Amazon, Microsoft, and Meta followed the same path. AWS built a multi-terabit private backbone that became the foundation for Direct Connect. Microsoft built 200,000+ miles of private fiber globally, the basis for ExpressRoute. Meta's Express Backbone handles the entire data plane for their social graph, CDN, and ML training infrastructure.

The difference between public and private path for Tokyo to Virginia:

And for users in Tokyo hitting a regional Tokyo data center the entire request stays local. 10–20ms. The private backbone never even enters the picture.

The Three-Tier Architecture That Became the Standard

By 2015, the hyperscalers had independently arrived at the same architecture, one that is now the template for every cloud provider on earth.

Tier 1: Edge (1,000+ locations globally) - 5–20ms from users. Caching, DDoS protection, DNS, edge compute.
Tier 2: Regional Data Centers (100+ globally) - 10–100ms in-region. Full application stack with multiple Availability Zones.
Tier 3: Private Backbone - Predictable, low-latency connectivity between everything else. No public internet. No BGP surprises.

The request flow for a Tokyo user before this architecture: 5,000ms. After: 10ms for a cache hit. A 500x improvement.

What It Cost — and What It Created

The total network infrastructure investment (2005–2015, industry-wide, excluding data center buildings and servers): $25–60 billion.

The returns were asymmetric in a way nobody fully anticipated at the time.

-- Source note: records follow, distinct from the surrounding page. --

(* Consider four qubits labelled $\alpha,\beta,1,2$ with Hamiltonian $$H=\frac{h_\alpha}{2}(X_\alpha X_\beta+Y_\alpha Y_\beta)+\frac{h_\beta}{2}(X_\beta X_1+Y_\beta Y_1)+\frac{h_1}{2}(X_1X_2+Y_1Y_2),$$ initial state $\rho_0=\frac I2\otimes\frac{I+X}{2}\otimes\frac I2\otimes\frac I2$ (qubit $\beta$ in the $+1$ eigenstate of $X$, all other qubits maximally mixed), and output $y_h(t)=\operatorname{Tr}\big(Y_\alpha Z_\beta\,e^{-\mathrm{i}Ht}\rho_0e^{\mathrm{i}Ht}\big)$, $t\ge0$, where $h=(h_\alpha,h_\beta,h_1)\in\mathbb{R}^3$. Then for almost every pair $h,h'\in\mathbb{R}^3$ (outside a Lebesgue-null set), $y_h(t)=y_{h'}(t)$ for all $t\ge0$ implies $h_\alpha=h'_\alpha$, $h_\beta^2=h_\beta'^2$ and $h_1^2=h_1'^2$; that is, all parameters are identifiable in magnitude from measurements of $Y_\alpha Z_\beta$.
   Context: $X,Y,Z$ denote the Pauli matrices $\sigma_x=\begin{pmatrix}0&1\\1&0\end{pmatrix}$, $\sigma_y=\begin{pmatrix}0&-\mathrm{i}\\ \mathrm{i}&0\end{pmatrix}$, $\sigma_z=\begin{pmatrix}1&0\\0&-1\end{pmatrix}$; a subscript indicates the qubit acted on, with identity on the other qubits (tensor products suppressed). $\hbar=1$. Equivalently, $y_h(t)=Ce^{At}B$ where $A$ is the $24\times24$ matrix of the Heisenberg dynamics $\frac{d}{dt}\langle O\rangle=\langle\mathrm{i}[H,O]\rangle$ on the expectations of the 24 Pauli strings generated from $Y_\alpha Z_\beta$, $B$ is the vector of initial expectations (equal to $1$ at $X_\beta$, $0$ elsewhere) and $C$ selects $\langle Y_\alpha Z_\beta\rangle$. *)

From Stdlib Require Import Reals Lra List ClassicalEpsilon.
Import ListNotations.
From Stdlib Require Import Factorial.
Open Scope R_scope.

Every piece of infrastructure they built to solve their own latency problems became a product. Edge locations became CloudFront and Azure CDN. Private backbone access became Direct Connect, ExpressRoute, and Cloud Interconnect. Regional data centers became AWS, Azure, and GCP.

Cloud revenue trajectory:

2010: ~$5B industry-wide
2015: ~$70B
2020: ~$300B
2024: ~$600B
2030 (projected): ~$1.5T

They spent $25–60 billion on network infrastructure and accidentally created a $600 billion per year industry. That's the return on figuring out that 100 milliseconds of latency cost them 1% in sales.

The Gap That Still Remains

Here's the uncomfortable truth twenty years later: most companies still can't afford to replicate what the hyperscalers built.

The minimum viable version of hyperscaler-class networking, 50+ edge locations, 5–10 cloud regions, a private backbone, and the operations team to run it costs $2–5 billion to build and $200–500 million per year to operate. You need to be moving 100+ terabits of traffic to justify it.

So companies are left choosing from a menu of imperfect options:

Public cloud — Already built, globally present. But egress fees eat you alive and vendor lock-in limits flexibility.
CDN — Perfect for static content. Does nothing for dynamic applications.
SD-WAN — Optimizes what you have, but the public internet is still underneath it.
MPLS — Private connectivity and SLAs. At $2,000–10,000 per site per month with the flexibility of concrete.

The requirements of modern applications, sub-20ms latency, private connectivity, predictable performance, global reach, consumption pricing, multi-cloud support, are real and growing. The solutions available to companies that aren't named Google or Amazon fall short. That gap is exactly what Network-as-a-Service is being built to close.

History Is Repeating

In Part 1, we watched Amazon's latency crisis force the invention of microservices and cloud computing.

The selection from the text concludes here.